Why, in the face of all the solid evidence in support of alternative non-nuclear energy, do these mainstream political parties and the Saskatchewan business elite and corporate media remain so reflexively adamant about nuclear power? The case for nuclear energy as a fix for climate change is a fraud.[28] Furthermore, with its dependency on massive amounts of coolant water and very real risks of further major accidents, the nuclear industry will never be able to provide fundamental energy security. Furthermore, there is growing research showing the serious environmental health hazards of the whole nuclear fuel system, from uranium mining[29] to nuclear power to spent fuel, and there remains strong reasons to believe that uranium continues to get into the nuclear and uranium weapons stream. If all this isn't enough to sway the pro-nukes, you'd think the clincher for business-minded people and governments would be the economic bottom-line - e.g. the fact that the federal government continues to bailout the nuclear industry with massive subsidies, and that real costing of nuclear shows it to be much more expensive than the alternatives.
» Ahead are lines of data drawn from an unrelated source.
(* Let $\mathbf{x} \in \Omega$ be fixed, let $S_{\mathbf{x}} \subseteq S$ be the set of values occurring in $\mathbf{x}$, and suppose $G, G' \in \mathcal{F}$ agree both cumulatively and pointwise on $S_{\mathbf{x}}$. Let $\mathbf{Y}$ be a sample of $n$ i.i.d. draws with order statistics $Y_{(1)} \le \dots \le Y_{(n)}$. Then for every $i \in \{1,\dots,n\}$, $$P_G[x_{(i)} = Y_{(i)} \mid Y_{(j)} = x_{(j)}\ \forall j < i] = P_{G'}[x_{(i)} = Y_{(i)} \mid Y_{(j)} = x_{(j)}\ \forall j < i]$$ and $$P_G[x_{(i)} < Y_{(i)} \mid Y_{(j)} = x_{(j)}\ \forall j < i] = P_{G'}[x_{(i)} < Y_{(i)} \mid Y_{(j)} = x_{(j)}\ \forall j < i],$$ where for $i = 1$ the conditioning is vacuous (unconditional probabilities), and for $i \ge 2$ the conditioning event is assumed to have positive probability under $G$ and under $G'$.
   Context: $S \subset \mathbb{R}$ is a finite set, $\mathcal{F}$ the set of probability distributions on $S$, and $\Omega$ the set of samples of size $n$ with entries in $S$, identified with their sorted versions $x_{(1)} \le \dots \le x_{(n)}$. $P_H$ denotes probability when the entries of $\mathbf{Y}$ are i.i.d. with distribution $H$. For $C \subseteq S$, $G,G'$ agree pointwise on $C$ if $P_G[X = s] = P_{G'}[X = s]$ for all $s \in C$, and cumulatively on $C$ if $P_G[X \le s] = P_{G'}[X \le s]$ for all $s \in C$, where $X$ is a single draw. *)

From HB Require Import structures.
From mathcomp Require Import all_boot all_order all_algebra.
From mathcomp Require Import reals.
Set Implicit Arguments. Unset Strict Implicit. Unset Printing Implicit Defensive.
Import Order.TTheory GRing.Theory Num.Theory.
Local Open Scope ring_scope.

(* The finite support set S ⊂ ℝ is given as a duplicate-free list S : seq R;
   its elements form the finite type [seq_sub S]. *)
Section Defs.
Variable R : realType.
Variable S : seq R.
Local Notation T := (seq_sub S).

Definition is_dist (g : {ffun T -> R}) : Prop :=
  (forall s, 0 <= g s) /\ \sum_(s : T) g s = 1.

(* P_H[A] for the sample Y of n i.i.d. draws with distribution H. *)
Definition prob (n : nat) (g : {ffun T -> R}) (A : pred (n.-tuple T)) : R :=
  \sum_(y : n.-tuple T | A y) \prod_(k < n) g (tnth y k).

Definition cprob (n : nat) (g : {ffun T -> R}) (A B : pred (n.-tuple T)) : R :=
  prob g [pred y | A y && B y] / prob g B.

(* sorted version of a sample: order statistics z_(1) <= ... <= z_(n),
   stored 0-indexed *)
Definition ostat (n : nat) (y : n.-tuple T) : seq R := sort <=%R (map val y).

(* i-th order statistic, 0-indexed (i.e. z_(i+1)) *)
Definition ost (n : nat) (y : n.-tuple T) (i : nat) : R := nth 0 (ostat y) i.

Definition prefix_event (n : nat) (x : n.-tuple T) (i : nat) : pred (n.-tuple T) :=
  [pred y | [forall j : 'I_n, (j < i)%N ==> (ost y j == ost x j)]].

Definition agree_pointwise (C : pred T) (g g' : {ffun T -> R}) : Prop :=
  forall s, C s -> g s = g' s.

Definition cdf (g : {ffun T -> R}) (s : T) : R :=
  \sum_(t : T | val t <= val s) g t.

Definition agree_cumulative (C : pred T) (g g' : {ffun T -> R}) : Prop :=
  forall s, C s -> cdf g s = cdf g' s.

End Defs.

From HB Require Import structures.
From mathcomp Require Import all_boot all_order all_algebra.
From mathcomp Require Import reals.
Import Order.TTheory GRing.Theory Num.Theory.
Local Open Scope ring_scope.
Set Implicit Arguments. Unset Strict Implicit.

(* The values of x split S into atoms: each {a} with a in x, and each gap
   strictly between consecutive values of x.  Every atom is the difference of
   two nested initial segments among set0, S, {t <= a}, {t < a} (a in x), and
   G - G' has total mass 0 on each of those, so G and G' give the same mass to
   every atom.  Since Y_(j) <= a iff more than j entries of Y are <= a, the
   events of the statement only depend on which atom each entry of Y falls
   in; and the law of that atom pattern under an i.i.d. sample only depends on
   the atom masses. *)

Section ProductSums.
Variables (R : comPzSemiRingType) (T : finType) (n : nat).

Lemma sum_tuple_prod (F : 'I_n -> T -> R) (P : 'I_n -> pred T) :
  \sum_(y : n.-tuple T | [forall k, P k (tnth y k)]) \prod_k F k (tnth y k)
  = \prod_k \sum_(s | P k s) F k s.
Proof.
rewrite bigA_distr_big_dep (reindex (fun f : {ffun 'I_n -> T} => [tuple f k | k < n])).
  apply: eq_big => [f|f _]; last by apply: eq_bigr => k _; rewrite tnth_mktuple.
  by apply/forallP/familyP => Pf k; have := Pf k; rewrite tnth_mktuple.
exists (fun y : n.-tuple T => [ffun k => tnth y k]) => [f _|y _].
  by apply/ffunP => k; rewrite ffunE tnth_mktuple.
by apply: eq_from_tnth => k; rewrite tnth_mktuple ffunE.
Qed.

Lemma eq_sum_prod_tuple_fibers (V : finType) (c : T -> V) (g g' : T -> R)
    (A : pred (n.-tuple T)) :
  (forall v, \sum_(s | c s == v) g s = \sum_(s | c s == v) g' s) ->
  (forall y y' : n.-tuple T, map c y = map c y' -> A y = A y') ->
  \sum_(y | A y) \prod_k g (tnth y k) = \sum_(y | A y) \prod_k g' (tnth y k).
Proof.
move=> eq_g invA; rewrite !(partition_big (map_tuple c) predT) //=.
apply: eq_bigr => z _.
have [y0 /andP[Ay0 /eqP y0z] | noA] :=
  pickP [pred y | A y && (map_tuple c y == z)]; last by rewrite !big_pred0.
have fiberE y : A y && (map_tuple c y == z) = [forall k, c (tnth y k) == tnth z k].
  rewrite -(eq_forallb (fun k => congr1 (eq_op^~ _) (tnth_map c y k))) -eqEtuple.
  case: eqP => [yz|]; rewrite ?andbF // andbT (invA y y0) //.
  by rewrite -[map c y]/(val (map_tuple c y)) yz -y0z.
rewrite !(eq_bigl _ _ fiberE) !(sum_tuple_prod (fun=> _) (fun k s => c s == tnth z k)).
by apply: eq_bigr => k _; apply: eq_g.
Qed.

End ProductSums.

Section LowerSets.
Variables (T : finType) (d : Order.disp_t) (K : orderType d) (f : T -> K).

Definition lower_set (A : {set T}) := forall t u, u \in A -> (f t <= f u)%O -> t \in A.

Lemma lower_set_chain A B : lower_set A -> lower_set B -> (A \subset B) || (B \subset A).
Proof.
move=> lowA lowB; have [//|/subsetPn[a aA aNB]] := boolP (A \subset B).
apply/subsetP => b bB; apply: lowA aA _; rewrite leNgt; apply/negP => /ltW ab.
by rewrite (lowB a b bB ab) in aNB.
Qed.

End LowerSets.

Lemma chain_card_subset (T : finType) (A C : {set T}) :
  (A \subset C) || (C \subset A) -> (#|A| <= #|C|)%N -> A \subset C.
Proof.
by case/orP=> [//|CA] AC; have /eqP -> : C == A by rewrite eqEcard CA.
Qed.

Section Cuts.
Variables (T : finType) (cuts : {set {set T}}).

Definition cuts_at (t : T) : {set {set T}} := [set A in cuts | t \in A].

Lemma count_mem_cut (A : {set T}) (y y' : seq T) : A \in cuts ->
  map cuts_at y = map cuts_at y' -> count [in A] y = count [in A] y'.
Proof.
move=> Acuts yy'; have cutE : [in A] =1 preim cuts_at (fun C => A \in C).
  by move=> t; rewrite /= inE Acuts.
by rewrite !(eq_count cutE) -!count_map yy'.
Qed.

Section NullCuts.
Variables (V : zmodType) (H : T -> V).
Hypothesis cuts0 : set0 \in cuts.
Hypothesis cutsT : setT \in cuts.
Hypothesis cuts_chain : {in cuts &, forall A B : {set T}, (A \subset B) || (B \subset A)}.
Hypothesis sum_cut_eq0 : {in cuts, forall A : {set T}, \sum_(t in A) H t = 0}.

Lemma sum_cell_eq0 (v : {set {set T}}) : \sum_(t | cuts_at t == v) H t = 0.
Proof.
have [s /eqP <- | no_cell] := pickP (fun t => cuts_at t == v); last by rewrite big_pred0.
have sT : (setT \in cuts) && (s \in setT) by rewrite cutsT inE.
have sN0 : (set0 \in cuts) && (s \notin set0) by rewrite cuts0 inE.
(* A is the least cut containing s and B the largest one avoiding s: the cell
   of s is A :\: B. *)
have [A /andP[Acuts sA] minA] :=
  @arg_minnP _ setT [pred C | (C \in cuts) && (s \in C)] (fun C => #|C|) sT.
have [B /andP[Bcuts sNB] maxB] :=
  @arg_maxnP _ set0 [pred C | (C \in cuts) && (s \notin C)] (fun C => #|C|) sN0.
have A_min C : C \in cuts -> s \in C -> A \subset C.
  move=> Ccuts sC; apply: chain_card_subset (cuts_chain Acuts Ccuts) (minA C _).
  exact/andP.
have B_max C : C \in cuts -> s \notin C -> C \subset B.
  move=> Ccuts sNC; apply: chain_card_subset (cuts_chain Ccuts Bcuts) (maxB C _).
  exact/andP.
have BA : B \subset A.
  have /orP[AB|//] := cuts_chain Acuts Bcuts.
  by rewrite (subsetP AB s sA) in sNB.
have cellE t : (cuts_at t == cuts_at s) = (t \in A :\: B).
  rewrite !inE; apply/eqP/andP => [ts|[tNB tA]].
    have memE C : (C \in cuts_at t) = (C \in cuts_at s) by rewrite ts.
    have := memE A; have := memE B.
    by rewrite !inE Acuts Bcuts sA (negbTE sNB) /= => -> ->.
  apply/setP => C; rewrite !inE; have [Ccuts|//] := boolP (C \in cuts).
  have [sC|sNC] := boolP (s \in C); first exact: subsetP (A_min C Ccuts sC) t tA.
  by apply/negP => /(subsetP (B_max C Ccuts sNC)); apply/negP.
rewrite (eq_bigl _ _ cellE); apply/eqP; move: (sum_cut_eq0 Acuts).
by rewrite (big_setID B) /= (setIidPr BA) (sum_cut_eq0 Bcuts) add0r => ->.
Qed.

End NullCuts.
End Cuts.

Lemma nth_sorted_count d (K : porderType d) (x0 : K) (s : seq K) (p : pred K) j :
  sorted <=%O s -> (forall u w, p u -> (w <= u)%O -> p w) -> (j < size s)%N ->
  p (nth x0 s j) = (j < count p s)%N.
Proof.
move=> + p_down; elim: s j => [|h t IH] j //= sorted_ht j_lt.
have sorted_t : sorted <=%O t := path_sorted sorted_ht.
have [ph|pNh] := boolP (p h).
  by case: j j_lt => [|j] j_lt //=; rewrite add1n ltnS IH.
have h_min : all (<=%O h) t by apply: order_path_min => //; exact: le_trans.
have pNt w : w \in t -> ~~ p w.
  by move=> wt; apply/negP => /p_down/(_ (allP h_min w wt)); apply/negP.
have -> : count p t = 0%N by apply/eqP; rewrite -leqn0 leqNgt -has_count; apply/hasPn.
rewrite add0n ltn0; apply/negbTE.
have /predU1P[->|] := mem_nth x0 (j_lt : (j < size (h :: t))%N); [exact: pNh | exact: pNt].
Qed.

Section OrderStatistics.
Variables (R : realType) (S : seq R) (n : nat).
Local Notation T := (seq_sub S).

Lemma ost_count (y : n.-tuple T) j (p : pred R) :
  (forall u w, p u -> w <= u -> p w) -> (j < n)%N ->
  p (ost y j) = (j < count (p \o val) y)%N.
Proof.
move=> p_down j_lt; rewrite /ost /ostat nth_sorted_count //.
- by rewrite (permP (permEl (perm_sort _ _))) count_map.
- exact/sort_sorted/le_total.
- by rewrite size_sort size_map size_tuple.
Qed.

Lemma ost_mem (x : n.-tuple T) j : (j < n)%N -> exists2 a, a \in x & ost x j = val a.
Proof.
move=> j_lt; have /mapP[a ax ->] : ost x j \in map val x.
  by rewrite -(mem_sort <=%R) mem_nth // size_sort size_map size_tuple.
by exists a.
Qed.

End OrderStatistics.

Section SampleCuts.
Variables (R : realType) (S : seq R) (n : nat) (x : n.-tuple (seq_sub S)).
Local Notation T := (seq_sub S).

Definition le_cut (a : T) : {set T} := [set t | val t <= val a].
Definition lt_cut (a : T) : {set T} := [set t | val t < val a].

Definition sample_cuts : {set {set T}} :=
  set0 |: (setT |: ([set le_cut a | a in x] :|: [set lt_cut a | a in x])).

Local Notation cell := (cuts_at sample_cuts).

Lemma sample_cuts_lower A : A \in sample_cuts -> lower_set val A.
Proof.
rewrite !inE => /or4P[] /=.
- by move=> /eqP -> t u; rewrite inE.
- by move=> /eqP -> t u; rewrite !inE.
- by case/imsetP=> a _ -> t u; rewrite !inE => /[swap]; exact: le_trans.
- by case/imsetP=> a _ -> t u; rewrite !inE => /[swap]; exact: le_lt_trans.
Qed.

Lemma sample_cuts_chain :
  {in sample_cuts &, forall A B : {set T}, (A \subset B) || (B \subset A)}.
Proof. by move=> A B /sample_cuts_lower lowA /sample_cuts_lower; exact: lower_set_chain. Qed.

Lemma sample_cuts_null (G G' : {ffun T -> R}) :
  is_dist G -> is_dist G' ->
  agree_pointwise (fun s => s \in x) G G' ->
  agree_cumulative (fun s => s \in x) G G' ->
  {in sample_cuts, forall A : {set T}, \sum_(t in A) (G t - G' t) = 0}.
Proof.
move=> [_ sumG] [_ sumG'] pointG cumG.
have le_null a : a \in x -> \sum_(t in le_cut a) (G t - G' t) = 0.
  move=> ax; rewrite (eq_bigl (fun t => val t <= val a)) => [|t]; last by rewrite inE.
  by rewrite sumrB -!/(cdf _ a) cumG ?subrr.
move=> A; rewrite !inE => /or4P[/eqP->|/eqP->| |].
- by rewrite big_set0.
- by rewrite (eq_bigl _ _ (@in_setT _)) sumrB sumG sumG' subrr.
- by case/imsetP=> a ax ->; exact: le_null.
case/imsetP=> a ax ->.
rewrite -[RHS](le_null a ax) [RHS](big_setD1 a) ?inE // pointG // subrr /= add0r.
by apply: eq_bigl => t; rewrite !inE lt_neqAle val_eqE.
Qed.

Lemma prob_cell_invariant (G G' : {ffun T -> R}) :
  is_dist G -> is_dist G' ->
  agree_pointwise (fun s => s \in x) G G' ->
  agree_cumulative (fun s => s \in x) G G' ->
  forall A : pred (n.-tuple T),
    (forall y y' : n.-tuple T, map cell y = map cell y' -> A y = A y') ->
    prob G A = prob G' A.
Proof.
move=> dG dG' pointG cumG A invA; apply: eq_sum_prod_tuple_fibers invA => v.
apply/eqP; rewrite -subr_eq0 -sumrB; apply/eqP; apply: sum_cell_eq0.
- by rewrite !inE eqxx.
- by rewrite !inE eqxx orbT.
- exact: sample_cuts_chain.
- exact: sample_cuts_null.
Qed.

Section CellInvariance.
Variables (y y' : n.-tuple T) (j : nat).
Hypothesis same_cells : map cell y = map cell y'.
Hypothesis j_lt : (j < n)%N.

Lemma ost_lower_cut_invariant (A : {set T}) (p : pred R) :
  A \in sample_cuts -> (forall t, (t \in A) = p (val t)) ->
  (forall u w, p u -> w <= u -> p w) -> p (ost y j) = p (ost y' j).
Proof.
move=> Acuts A_p p_down.
by rewrite !ost_count // -!(eq_count A_p) (count_mem_cut Acuts same_cells).
Qed.

Lemma ost_threshold_invariant (a : T) : a \in x ->
  ((ost y j < val a) = (ost y' j < val a)) /\ ((ost y j <= val a) = (ost y' j <= val a)).
Proof.
move=> ax; split.
- apply: (@ost_lower_cut_invariant (lt_cut a) (fun u => u < val a)).
  + by rewrite !inE imset_f ?orbT.
  + by move=> t; rewrite inE.
  + by move=> u w /[swap]; exact: le_lt_trans.
- apply: (@ost_lower_cut_invariant (le_cut a) (fun u => u <= val a)).
  + by rewrite !inE imset_f ?orbT.
  + by move=> t; rewrite inE.
  + by move=> u w /[swap]; exact: le_trans.
Qed.

Lemma ost_eq_invariant : (ost y j == ost x j) = (ost y' j == ost x j).
Proof.
have [a ax ->] := ost_mem x j_lt; have [lt_inv le_inv] := ost_threshold_invariant ax.
by rewrite !eq_le !(leNgt (val a)) lt_inv le_inv.
Qed.

Lemma ost_gt_invariant : (ost x j < ost y j) = (ost x j < ost y' j).
Proof.
have [a ax ->] := ost_mem x j_lt; have [_ le_inv] := ost_threshold_invariant ax.
by rewrite !ltNge le_inv.
Qed.

End CellInvariance.

Lemma prefix_event_invariant (i : nat) (y y' : n.-tuple T) :
  map cell y = map cell y' -> prefix_event x i y = prefix_event x i y'.
Proof.
move=> same_cells; apply: eq_forallb => j.
by rewrite (ost_eq_invariant same_cells (ltn_ord j)).
Qed.

End SampleCuts.

Theorem lemma10 (R : realType) (S : seq R) (n : nat)
  (x : n.-tuple (seq_sub S)) (G G' : {ffun seq_sub S -> R}) :
  is_dist G -> is_dist G' ->
  agree_pointwise (fun s => s \in x) G G' ->
  agree_cumulative (fun s => s \in x) G G' ->
  forall i : 'I_n,
    ((0 < i)%N -> 0 < prob G (prefix_event x i) /\ 0 < prob G' (prefix_event x i)) ->
    cprob G [pred y | ost x i == ost y i] (prefix_event x i) =
      cprob G' [pred y | ost x i == ost y i] (prefix_event x i)
    /\
    cprob G [pred y | ost x i < ost y i] (prefix_event x i) =
      cprob G' [pred y | ost x i < ost y i] (prefix_event x i).
Proof.
move=> dG dG' pointG cumG i _.
have probE := prob_cell_invariant dG dG' pointG cumG.
have prefixE := @prefix_event_invariant _ _ _ x i.
rewrite /cprob (probE _ prefixE); split; congr (_ / _); apply: probE => y y' same_cells /=.
  rewrite !(eq_sym (ost x i)) (ost_eq_invariant same_cells (ltn_ord i)).
  by rewrite (prefixE _ _ same_cells).
by rewrite (ost_gt_invariant same_cells (ltn_ord i)) (prefixE _ _ same_cells).
Qed.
But, no, there is apparently no critical reasoning among those who flaunt the nuclear industry in Saskatchewan. Perhaps the reason why the nuclear proponents in Saskatchewan sometimes label the anti-nukes as "emotional zealots" is projection; because, deep down, the proponents are extremely emotional about the issue. They are even angry that the prospects, of what they have been led to believe will be a huge and profitable value-added economic boom from nuclear expansion, may go elsewhere.[30]

If reasoning about practical and effective strategies for addressing climate change won't convince them otherwise; if concerns about environmental and public health won't convince them otherwise; and if they prefer to treat the serious threat of nuclear proliferation as "out of site, out of mind", why won't the devastating economic critique of the nuclear industry convince them to let go of the nuclear dream which has become a nightmare? I can only conclude that as long as there are short-term private benefits and prospects of more lucrative economic activity from construction, infrastructure, labour, consulting, whatever, that the proponents will continue to support nuclear power, regardless of real costs to us and future generations. Until the money tree provided by direct and hidden subsidies dries up there will be those with links to state power who will keep picking from it.

5.1 Tearing Down The Uranium Curtain
Saskatchewan is in deep trouble if short-term greed and self-interest trumps all these vital questions about sustainability and morality. Perhaps we need to now name the curtain of disinformation and denial and self -interest the "Uranium Curtain", along the lines of another "wall of silence" named after another mineral element, the "Iron Curtain". We'll have to continue with education and activism that turns the meaning of "value-added" right-side up, to mean adding human and ecological values back into the discourse. And by the bottom line we must come to mean the protection of watersheds.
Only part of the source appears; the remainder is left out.